Its scores and portfolio analytics have global coverage and quantify risk exposures across asset classes, with data covering over 2,000 listed companies and 196 countries to help inform bank, investor and government decision-making, according to Moody's.

The acquisition is therefore aimed at solidifying Moody's commitment to "promoting transparent and globally consistent standards for evaluating environmental, social and governance (ESG) risks and opportunities," the company announced last week.

"Four Twenty Seven has built a strong platform for quantifying climate-related exposures and producing actionable risk metrics, which are essential to understanding and informing climate risk and resilience measures," said Myriam Durand, global head of assessments at Moody's Investors Service. "Moody's is committed to offering global, transparent standards for assessing environmental risk, and the acquisition of Four Twenty Seven advances our objective of integrating climate analytics into our offerings."

Nick Mabey, co-founder and CEO of climate NGO E3G, described the acquisition as a "big deal" that could have significant implications for listed firms.

Four Twenty Seven will continue to operate under its existing brand at its headquarters in Berkeley, California, but will act as an affiliate of Moody's Investors Service, Emilie Mazzacurati, founder and CEO of Four Twenty Seven, confirmed.

"Moody's global coverage and analytical capabilities, combined with Four Twenty Seven's comprehensive climate risk data and intelligence, provides an ideal path to continue our work helping market participants integrate potential climate impacts into risk management and investment decisions," she said.

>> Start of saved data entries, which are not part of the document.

Theorem proposition4p13 :
  forall (C : bilab -> Prop) (G : graph),
    skew_graph_category C -> C (@BL G [::] [::]) ->
    forall k l : nat,
      (* the family T^{ab}_G, [a,b] in W^C_G(k,l), spans C^G(k,l) ... *)
      (forall v : tensor_space G k l,
         CG_space G C k l v <->
         exists s : seq (k.-tuple 'I_(nv G) * l.-tuple 'I_(nv G)),
           (forall ab, ab \in s -> C (@BL G (val ab.1) (val ab.2))) /\
           v \in <<map (T_ab G k l) s>>%VS) /\
      (* ... and is linearly independent: representatives of pairwise
         distinct classes of W^C_G(k,l) give a free family *)
      (forall s : seq (k.-tuple 'I_(nv G) * l.-tuple 'I_(nv G)),
         (forall ab, ab \in s -> C (@BL G (val ab.1) (val ab.2))) ->
         pairwise (fun ab ab' => ~~ same_orbit G k l ab ab') s ->
         free (map (T_ab G k l) s)).
Proof.
move=> C G C_cat C_G k l; split=> [v | s _ s_orbits].
  split=> [[Ks [Ks_C v_span]] | [s [s_C v_span]]].
  - have [|S S_C /subvP sub] := @span_map_sub_span_family _ _ _
      (fun ab => C (@BL G (val ab.1) (val ab.2))) (T_ab G k l) _ (T_hat G k l) Ks.
      by move=> K /Ks_C[CK size_in size_out]; exact: T_hat_in_span_T_ab.
    by exists S; split; [exact: S_C | exact: sub v_span].
  - exists [seq @BL G (val ab.1) (val ab.2) | ab <- s]; split; last by rewrite -map_comp.
    move=> K /List.in_map_iff[ab [<- /list_In_mem ab_s]].
    by split; [exact: s_C | rewrite /= size_tuple..].
have orbit_eq := pairwise_not_in_eq (@same_orbit_sym G k l) s_orbits.
apply: (free_map_diag (pt := fun ab => (ab.2, ab.1))).
- by apply: pairwise_uniq s_orbits => ab; rewrite /= same_orbit_refl.
- by move=> ab _; exact: T_ab_diag_neq0.
- by move=> ab ab' ab_s ab'_s /T_ab_neq0_same_orbit; exact: orbit_eq.
Qed.
(* Let $\Omega\subset\mathbb{R}^{n+m}$ be a bounded open set, $s\in(0,1)$ and $p\in(1,\infty)$. There is a constant $C>0$ such that \[ \|u\|_{L^p(\Omega)}\le C[u]_{\mathcal W^{s,p}(\mathbb{R}^{n+m})}\qquad\forall u\in\widetilde{\mathcal W}^{s,p}(\Omega). \]
   Context: Points of $\mathbb{R}^{n+m}$ are $(x,y)$, $x\in\mathbb{R}^n$, $y\in\mathbb{R}^m$. \[ [u]^p_{\mathcal W^{s,p}(\mathbb{R}^{n+m})}=\int_{\mathbb{R}^{n+m}}\int_{\mathbb{R}^n}\frac{|u(x,y)-u(z,y)|^p}{|x-z|^{n+sp}}\,dz\,dx\,dy+\int_{\mathbb{R}^{n+m}}\int_{\mathbb{R}^m}\frac{|u(x,y)-u(x,w)|^p}{|y-w|^{m+sp}}\,dw\,dx\,dy, \] and $\widetilde{\mathcal W}^{s,p}(\Omega)$ is the set of functions $u\in L^p(\mathbb{R}^{n+m})$ with $[u]_{\mathcal W^{s,p}(\mathbb{R}^{n+m})}<\infty$ and $u\equiv0$ in $\mathbb{R}^{n+m}\setminus\Omega$. *)

From HB Require Import structures.
From mathcomp Require Import all_boot all_order all_algebra.
From mathcomp Require Import all_classical all_reals all_analysis.
Set Implicit Arguments. Unset Strict Implicit. Unset Printing Implicit Defensive.
Import Order.TTheory GRing.Theory Num.Theory.
Import numFieldNormedType.Exports.
Local Open Scope classical_set_scope.
Local Open Scope ring_scope.

Section Defs.
Variable R : realType.

Definition enorm (k : nat) (x : 'rV[R]_k) : R :=
  Num.sqrt (\sum_(i < k) (x ord0 i) ^+ 2).

(* Integral over R^k w.r.t. k-dimensional Lebesgue measure, realised as the
   iterated one-dimensional Lebesgue integral (Tonelli); used only on
   non-negative integrands. *)
Fixpoint rint (k : nat) : ('rV[R]_k -> \bar R) -> \bar R :=
  match k return ('rV[R]_k -> \bar R) -> \bar R with
  | 0 => fun f => f 0
  | k'.+1 => fun f =>
      (\int[@lebesgue_measure R]_(t in [set: R])
         rint (fun v : 'rV[R]_k' => f (row_mx (const_mx t : 'rV[R]_1) v)))%E
  end.

Definition borel_measurable_fun (n m : nat)
    (u : 'rV[R]_n * 'rV[R]_m -> R) : Prop :=
  forall B : set R, measurable B ->
    <<s (@open ('rV[R]_n * 'rV[R]_m)%type) >> (u @^-1` B).

Definition bounded_Rnm (n m : nat) (O : set ('rV[R]_n * 'rV[R]_m)) : Prop :=
  exists M : R, forall xy, O xy -> enorm xy.1 ^+ 2 + enorm xy.2 ^+ 2 <= M.

Definition rint2 (n m : nat) (f : 'rV[R]_n * 'rV[R]_m -> \bar R) : \bar R :=
  rint (fun x => rint (fun y => f (x, y))).

Definition Wsp_seminorm_pow (n m : nat) (s p : R)
    (u : 'rV[R]_n * 'rV[R]_m -> R) : \bar R :=
  (rint2 (fun xy => rint (fun z : 'rV[R]_n =>
       ((`|u xy - u (z, xy.2)| `^ p) / (enorm (xy.1 - z) `^ (n%:R + s * p)))%:E))
   + rint2 (fun xy => rint (fun w : 'rV[R]_m =>
       ((`|u xy - u (xy.1, w)| `^ p) / (enorm (xy.2 - w) `^ (m%:R + s * p)))%:E)))%E.

Definition Wsp_seminorm (n m : nat) (s p : R) (u : 'rV[R]_n * 'rV[R]_m -> R)
  : \bar R := poweR (Wsp_seminorm_pow s p u) p^-1.

Definition Wtilde (n m : nat) (s p : R) (O : set ('rV[R]_n * 'rV[R]_m))
    (u : 'rV[R]_n * 'rV[R]_m -> R) : Prop :=
  [/\ borel_measurable_fun u,
      (rint2 (fun xy => (`|u xy| `^ p)%:E) < +oo)%E,
      (Wsp_seminorm_pow s p u < +oo)%E &
      forall xy, ~ O xy -> u xy = 0].

Definition Lp_norm_on (n m : nat) (p : R) (O : set ('rV[R]_n * 'rV[R]_m))
    (u : 'rV[R]_n * 'rV[R]_m -> R) : \bar R :=
  poweR (rint2 (fun xy => (\1_O xy * `|u xy| `^ p)%:E)) p^-1.

End Defs.

From HB Require Import structures.
From mathcomp Require Import all_boot all_order all_algebra.
From mathcomp Require Import all_classical all_reals all_analysis.
From mathcomp Require Import ring.
Import Order.TTheory GRing.Theory Num.Theory.
Import numFieldNormedType.Exports.
Local Open Scope classical_set_scope.
Local Open Scope ring_scope.

(* Since Omega is bounded, the cube Q = [a, a + 1]^n with a^2 > |M| (M a bound
   for |x|^2 + |y|^2 on Omega) satisfies (Q x R^m) `&` Omega = set0, while
   |x - z|^2 <= D for (x, y) in Omega and z in Q.  As u vanishes off Omega,
   for such x, y, z
     |u(x,y)|^p = |u(x,y) - u(z,y)|^p
               <= D^((n+sp)/2) |u(x,y) - u(z,y)|^p / |x - z|^(n+sp). *)

(* No measurability is needed: the integral of a nonnegative function is the
   supremum of the integrals of the simple functions below it. *)
Section ge0_integralT.
Context {d : measure_display} {T : measurableType d} {R : realType}.
Variable mu : {measure set T -> \bar R}.
Local Open Scope ereal_scope.

Lemma le_ge0_integralT (f g : T -> \bar R) :
  (forall x, 0 <= f x) -> (forall x, f x <= g x) ->
  \int[mu]_x f x <= \int[mu]_x g x.
Proof.
move=> f0 fg; have g0 x : 0 <= g x by exact: le_trans (f0 x) (fg x).
rewrite !ge0_integralTE//; apply: ereal_sup_le => _ [h hf <-].
by exists h => // x; exact: le_trans (hf x) (fg x).
Qed.

Lemma ge0_integralT_scale_le (c : R) (f : T -> \bar R) : (0 <= c)%R ->
  (forall x, 0 <= f x) -> c%:E * \int[mu]_x f x <= \int[mu]_x (c%:E * f x).
Proof.
move=> c0 f0; have cf0 x : 0 <= c%:E * f x by rewrite mule_ge0.
rewrite !ge0_integralTE// -ereal_supZl//; last first.
  by apply/set0P; eexists; exists nnsfun0 => // x /=; rewrite f0.
apply: ge_ereal_sup => _ [_ [h hf <-] <-]; apply: ereal_sup_ubound.
exists (scale_nnsfun h c0); last exact: sintegralrM.
by move=> x /=; rewrite EFinM lee_wpmul2l// ?lee_fin ?hf.
Qed.

End ge0_integralT.

Section iterated_integral.
Context {R : realType}.
Local Open Scope ereal_scope.

Lemma rint_ge0 (k : nat) (f : 'rV[R]_k -> \bar R) :
  (forall v, 0 <= f v) -> 0 <= rint f.
Proof.
elim: k f => [|k IH] f f0 /=; first exact: f0.
by apply: integral_ge0 => t _; apply: IH.
Qed.

Lemma le_rint (k : nat) (f g : 'rV[R]_k -> \bar R) :
  (forall v, 0 <= f v) -> (forall v, f v <= g v) -> rint f <= rint g.
Proof.
elim: k f g => [|k IH] f g f0 fg /=; first exact: fg.
by apply: le_ge0_integralT => t; [exact: rint_ge0 | exact: IH].
Qed.

Lemma rint_scale_le (k : nat) (c : R) (f : 'rV[R]_k -> \bar R) : (0 <= c)%R ->
  (forall v, 0 <= f v) -> c%:E * rint f <= rint (fun v => c%:E * f v).
Proof.
elim: k f => [|k IH] f c0 f0 //=.
apply: le_trans.
  by apply: ge0_integralT_scale_le c0 _ => t; exact: rint_ge0.
apply: le_ge0_integralT => t; first by rewrite mule_ge0// rint_ge0.
exact: IH.
Qed.

Lemma rint2_ge0 (n m : nat) (f : 'rV[R]_n * 'rV[R]_m -> \bar R) :
  (forall xy, 0 <= f xy) -> 0 <= rint2 f.
Proof. by move=> f0; apply: rint_ge0 => x; apply: rint_ge0 => y. Qed.

Lemma le_rint2 (n m : nat) (f g : 'rV[R]_n * 'rV[R]_m -> \bar R) :
  (forall xy, 0 <= f xy) -> (forall xy, f xy <= g xy) -> rint2 f <= rint2 g.
Proof.
move=> f0 fg; apply: le_rint => [x|x]; first by apply: rint_ge0 => y.
exact: le_rint.
Qed.

Lemma rint2_scale_le (n m : nat) (c : R) (f : 'rV[R]_n * 'rV[R]_m -> \bar R) :
  (0 <= c)%R -> (forall xy, 0 <= f xy) ->
  c%:E * rint2 f <= rint2 (fun xy => c%:E * f xy).
Proof.
move=> c0 f0; apply: le_trans.
  by apply: rint_scale_le c0 _ => x; exact: rint_ge0.
apply: le_rint => [x|x]; first by rewrite mule_ge0// rint_ge0.
exact: rint_scale_le.
Qed.

End iterated_integral.

Section unit_cube.
Context {R : realType}.
Implicit Types (a c t : R) (k : nat).

Definition unit_cube {k} a : set 'rV[R]_k :=
  [set v | forall i, a <= v ord0 i <= a + 1].

Lemma unit_cube_row k a t (v : 'rV[R]_k) :
  unit_cube a (row_mx (const_mx t : 'rV_1) v) =
  ((a <= t <= a + 1) /\ unit_cube a v).
Proof.
have lshift0 : row_mx (const_mx t : 'rV_1) v ord0 (lshift k ord0) = t.
  by rewrite row_mxEl mxE.
rewrite propeqE; split=> [cv|[ta cv] i].
  split=> [|i]; first by rewrite -lshift0; apply: cv.
  by rewrite -(row_mxEr (const_mx t : 'rV_1)); apply: cv.
by case: (split_ordP i) => j ->; rewrite ?(ord1 j) ?lshift0 ?row_mxEr.
Qed.

Lemma indic_unit_cube_row k a t (v : 'rV[R]_k) :
  \1_(unit_cube a) (row_mx (const_mx t : 'rV_1) v) =
  \1_(`[a, a + 1]%classic) t * \1_(unit_cube a) v :> R.
Proof.
rewrite !indicE.
have [/set_mem tI|tI] := boolP (t \in _); have [/set_mem cv|cv] := boolP (v \in _).
- by rewrite mul1r mem_set// unit_cube_row.
- by rewrite mulr0 memNset// unit_cube_row => -[_ cv']; rewrite mem_set in cv.
- rewrite /= mul0r memNset// unit_cube_row => -[tI' _].
  by move: tI; rewrite mem_set //= in_itv.
- rewrite /= mul0r memNset// unit_cube_row => -[tI' _].
  by move: tI; rewrite mem_set //= in_itv.
Qed.

Lemma rint_unit_cube k a c : 0 <= c ->
  rint (fun v : 'rV[R]_k => (c * \1_(unit_cube a) v)%:E) = c%:E.
Proof.
elim: k c => [|k IH] c c0 /=.
  by rewrite indicE mem_set ?mulr1 // => i; case: i.
under eq_integral => t _.
  under eq_fun => v do rewrite indic_unit_cube_row mulrA.
  rewrite IH ?mulr_ge0 //; over.
rewrite integralZl_indic //=; last by move=> /lt_geF; rewrite c0.
rewrite integral_indic // setIT -[RHS]mule1; congr (_ * _)%E.
have := lebesgue_measure_itv `[a, a + 1].
by rewrite /= lte_fin ltrDl ltr01 -EFinD addrAC subrr add0r.
Qed.

End unit_cube.

Section enorm.
Context {R : realType} {k : nat}.
Implicit Types (a : R) (x z : 'rV[R]_k).

Lemma enorm_sqr x : enorm x ^+ 2 = \sum_(i < k) x ord0 i ^+ 2.
Proof. by rewrite sqr_sqrtr // sumr_ge0 // => i _; rewrite sqr_ge0. Qed.

Lemma enorm_gt0 x : x != 0 -> 0 < enorm x.
Proof.
move=> x0; have x2_ge0 (i : 'I_k) : true -> 0 <= x ord0 i ^+ 2.
  by move=> _; exact: sqr_ge0.
rewrite sqrtr_gt0 lt_def sumr_ge0 // andbT.
apply: contra x0 => /eqP /(psumr_eq0P x2_ge0) x0.
by apply/eqP/matrixP => i j; rewrite (ord1 i) mxE; apply/eqP; rewrite -sqrf_eq0 x0.
Qed.

Lemma unit_cube_enorm_ge a z : (0 < k)%N -> 0 <= a -> unit_cube a z ->
  a ^+ 2 <= enorm z ^+ 2.
Proof.
move=> k0 a0 zc; have /andP[zl _] := zc (Ordinal k0).
rewrite enorm_sqr (bigD1 (Ordinal k0)) //= -[leLHS]addr0 lerD //.
  by rewrite ler_sqr ?nnegrE // (le_trans a0 zl).
by rewrite sumr_ge0 // => i _; rewrite sqr_ge0.
Qed.

Lemma unit_cube_enorm_subr_le a x z : 0 <= a -> unit_cube a z ->
  enorm (x - z) ^+ 2 <= 2 * enorm x ^+ 2 + (2 * (a + 1) ^+ 2) *+ k.
Proof.
move=> a0 zc; rewrite !enorm_sqr.
apply: (@le_trans _ _
  (\sum_(i < k) (2 * x ord0 i ^+ 2 + 2 * (a + 1) ^+ 2))); last first.
  by rewrite big_split /= sumr_const card_ord mulr_sumr.
apply: ler_sum => i _; rewrite !mxE.
have /andP[zl zu] := zc i; have z0 : 0 <= z ord0 i by exact: le_trans zl.
apply: (@le_trans _ _ (2 * x ord0 i ^+ 2 + 2 * z ord0 i ^+ 2)).
  by rewrite -subr_ge0 (_ : _ - _ = (x ord0 i + z ord0 i) ^+ 2) ?sqr_ge0 //; ring.
by rewrite lerD2l ler_pM2l // ler_sqr ?nnegrE // addr_ge0.
Qed.

End enorm.

Section cube_outside_domain.
Context {R : realType}.
Variables (n m : nat) (Omega : set ('rV[R]_n * 'rV[R]_m)) (M : R).
Hypothesis n_gt0 : (0 < n)%N.
Hypothesis Omega_bounded :
  forall xy, Omega xy -> enorm xy.1 ^+ 2 + enorm xy.2 ^+ 2 <= M.

Definition cube_corner : R := Num.sqrt `|M| + 1.

Definition cube_diam2 : R := 2 * `|M| + (2 * (cube_corner + 1) ^+ 2) *+ n.

Lemma cube_corner_ge0 : 0 <= cube_corner.
Proof. by rewrite addr_ge0 ?sqrtr_ge0. Qed.

Lemma cube_diam2_gt0 : 0 < cube_diam2.
Proof.
rewrite ltr_wpDl ?mulr_ge0 // pmulrn_lgt0 // mulr_gt0 // exprn_gt0 //.
by rewrite ltr_wpDl ?cube_corner_ge0.
Qed.

Lemma unit_cube_outside z y : unit_cube cube_corner z -> ~ Omega (z, y).
Proof.
move=> zc /Omega_bounded /= zyM.
have : `|M| < cube_corner ^+ 2.
  rewrite sqrrD1 sqr_sqrtr // -addrA ltrDl.
  by rewrite ltr_wpDl ?ltr01 // mulrn_wge0 // sqrtr_ge0.
rewrite ltNge => /negP; apply; apply: le_trans (_ : _ <= M) (ler_norm M).
apply: le_trans (unit_cube_enorm_ge _ _ n_gt0 cube_corner_ge0 zc) _.
by apply: le_trans zyM; rewrite lerDl sqr_ge0.
Qed.

Lemma unit_cube_dist x y z : Omega (x, y) -> unit_cube cube_corner z ->
  enorm (x - z) <= Num.sqrt cube_diam2.
Proof.
move=> xyO zc; have D0 := ltW cube_diam2_gt0.
rewrite -ler_sqr ?nnegrE ?sqrtr_ge0 // [leRHS]sqr_sqrtr //.
apply: (le_trans (unit_cube_enorm_subr_le _ x _ cube_corner_ge0 zc)).
rewrite /cube_diam2 lerD2r ler_pM2l // (le_trans _ (ler_norm M)) //.
by rewrite (le_trans _ (Omega_bounded _ xyO)) //= lerDl sqr_ge0.
Qed.

Variables (s p : R) (u : 'rV[R]_n * 'rV[R]_m -> R).
Hypotheses (s_ge0 : 0 <= s) (p_gt0 : 0 < p).
Hypothesis u_out : forall xy, ~ Omega xy -> u xy = 0.

Definition poincare_const : R := Num.sqrt cube_diam2 `^ (n%:R + s * p).

Lemma poincare_const_gt0 : 0 < poincare_const.
Proof. by rewrite powR_gt0 // sqrtr_gt0 cube_diam2_gt0. Qed.

Lemma indic_unit_cube_le_quotient x y z :
  `|u (x, y)| `^ p / poincare_const * \1_(unit_cube cube_corner) z <=
  `|u (x, y) - u (z, y)| `^ p / enorm (x - z) `^ (n%:R + s * p).
Proof.
have [zc|zc] := pselect (unit_cube cube_corner z); last first.
  by rewrite indicE memNset // mulr0 divr_ge0 ?powR_ge0.
have [xyO|xyO] := pselect (Omega (x, y)); last first.
  by rewrite u_out // normr0 powR0 ?gt_eqF // !mul0r divr_ge0 ?powR_ge0.
rewrite indicE mem_set // mulr1 (u_out _ (unit_cube_outside _ y zc)).
rewrite subr0 ler_wpM2l ?powR_ge0 // lef_pV2 ?posrE ?poincare_const_gt0 //.
  have q_ge0 : 0 <= n%:R + s * p by rewrite addr_ge0 // mulr_ge0 // ltW.
  rewrite /poincare_const.
  apply: ge0_ler_powR; rewrite ?nnegrE ?sqrtr_ge0 //.
  exact: unit_cube_dist _ _ _ xyO zc.
rewrite powR_gt0 // enorm_gt0 // subr_eq0.
by apply/eqP => xz; apply: (unit_cube_outside _ y zc); rewrite -xz.
Qed.

Local Open Scope ereal_scope.

Lemma powR_div_le_rint_quotient x y :
  (`|u (x, y)| `^ p / poincare_const)%:E <=
  rint (fun z => (`|u (x, y) - u (z, y)| `^ p / enorm (x - z) `^ (n%:R + s * p))%:E).
Proof.
have C_ge0 := ltW poincare_const_gt0.
rewrite -(rint_unit_cube n cube_corner) ?divr_ge0 ?powR_ge0 //.
apply: le_rint => z; last by rewrite lee_fin indic_unit_cube_le_quotient.
by rewrite lee_fin mulr_ge0 ?divr_ge0 ?powR_ge0.
Qed.

Lemma Lp_pow_le_Wsp_seminorm_pow :
  rint2 (fun xy => (\1_Omega xy * `|u xy| `^ p)%:E) <=
  poincare_const%:E * Wsp_seminorm_pow s p u.
Proof.
have C_gt0 := poincare_const_gt0.
have Ci_ge0 : (0 <= poincare_const^-1)%R by rewrite invr_ge0 ltW.
have f_ge0 xy : 0 <= (\1_Omega xy * `|u xy| `^ p)%:E.
  by rewrite lee_fin mulr_ge0 ?powR_ge0 // indicE ler0n.
rewrite -[X in X <= _]mul1e -(@divff _ poincare_const) ?gt_eqF // EFinM -muleA.
apply: lee_wpmul2l; first by rewrite lee_fin ltW.
apply: le_trans; first by apply: rint2_scale_le.
apply: le_trans (leeDl _ _); last first.
  apply: rint2_ge0 => xy; apply: rint_ge0 => w.
  by rewrite lee_fin divr_ge0 ?powR_ge0.
apply: le_rint2 => [[x y]|[x y]]; first by rewrite mule_ge0 ?lee_fin.
apply: le_trans (powR_div_le_rint_quotient x y).
rewrite -EFinM lee_fin mulrC ler_wpM2r //.
by rewrite ler_piMl ?powR_ge0 // indicE lern1 leq_b1.
Qed.

End cube_outside_domain.

Lemma poweR_inv_le_mul (R : realType) (c p : R) (x y : \bar R) :
  0 < c -> 0 < p -> (0 <= x)%E -> (0 <= y)%E -> (x <= c%:E * y)%E ->
  (poweR x p^-1 <= (c `^ p^-1)%:E * poweR y p^-1)%E.
Proof.
move=> c0 p0 x0 y0 xy; have c_ge0 := ltW c0.
rewrite -poweR_EFin -poweRM ?lee_fin //.
apply: gt0_ler_poweR => //; first by rewrite invr_ge0 ltW.
  by rewrite in_itv /= x0 leey.
by rewrite in_itv /= mule_ge0 ?lee_fin // leey.
Qed.

Lemma Wsp_seminorm_pow_ge0 (R : realType) (n m : nat) (s p : R)
    (u : 'rV[R]_n * 'rV[R]_m -> R) :
  (0 <= Wsp_seminorm_pow s p u)%E.
Proof.
by apply: adde_ge0; apply: rint2_ge0 => xy; apply: rint_ge0 => z;
  rewrite lee_fin divr_ge0 ?powR_ge0.
Qed.

Theorem lemma2p6 (R : realType) (n m : nat) (Omega : set ('rV[R]_n * 'rV[R]_m))
  (s p : R) :
  (0 < n)%N -> (0 < m)%N ->
  open Omega -> bounded_Rnm Omega ->
  0 < s < 1 -> 1 < p ->
  exists C : R, 0 < C /\
    forall u : 'rV[R]_n * 'rV[R]_m -> R, Wtilde s p Omega u ->
      (Lp_norm_on p Omega u <= C%:E * Wsp_seminorm s p u)%E.
Proof.
move=> n_gt0 _ _ [M Omega_bounded] /andP[s_gt0 _] p_gt1.
have p_gt0 : 0 < p by exact: lt_trans p_gt1.
have C_gt0 := poincare_const_gt0 _ M n_gt0 s p.
exists (poincare_const n M s p `^ p^-1); split; first by rewrite powR_gt0.
move=> u [_ _ _ u_out]; apply: poweR_inv_le_mul => //.
- by apply: rint2_ge0 => xy; rewrite lee_fin mulr_ge0 ?powR_ge0 // indicE ler0n.
- exact: Wsp_seminorm_pow_ge0.
- by apply: Lp_pow_le_Wsp_seminorm_pow => //; exact: ltW.
Qed.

In related news, Schroders announced it has agreed to buy a majority stake in Swiss impact investor BlueOrchard in a bid to expand the asset management giant's "sustainability capabilities."

Schroders said teaming up with BlueOrchard would help it to "better serve clients who are increasingly seeking investment which have a beneficial impact on society and the environment, as well as generating positive financial market returns."

Peter Fanconi, chairman of BlueOrchard, added the partnership would help the firm "further increase our impact and jointly contribute to the achievement of the U.N. Sustainable Development Goals."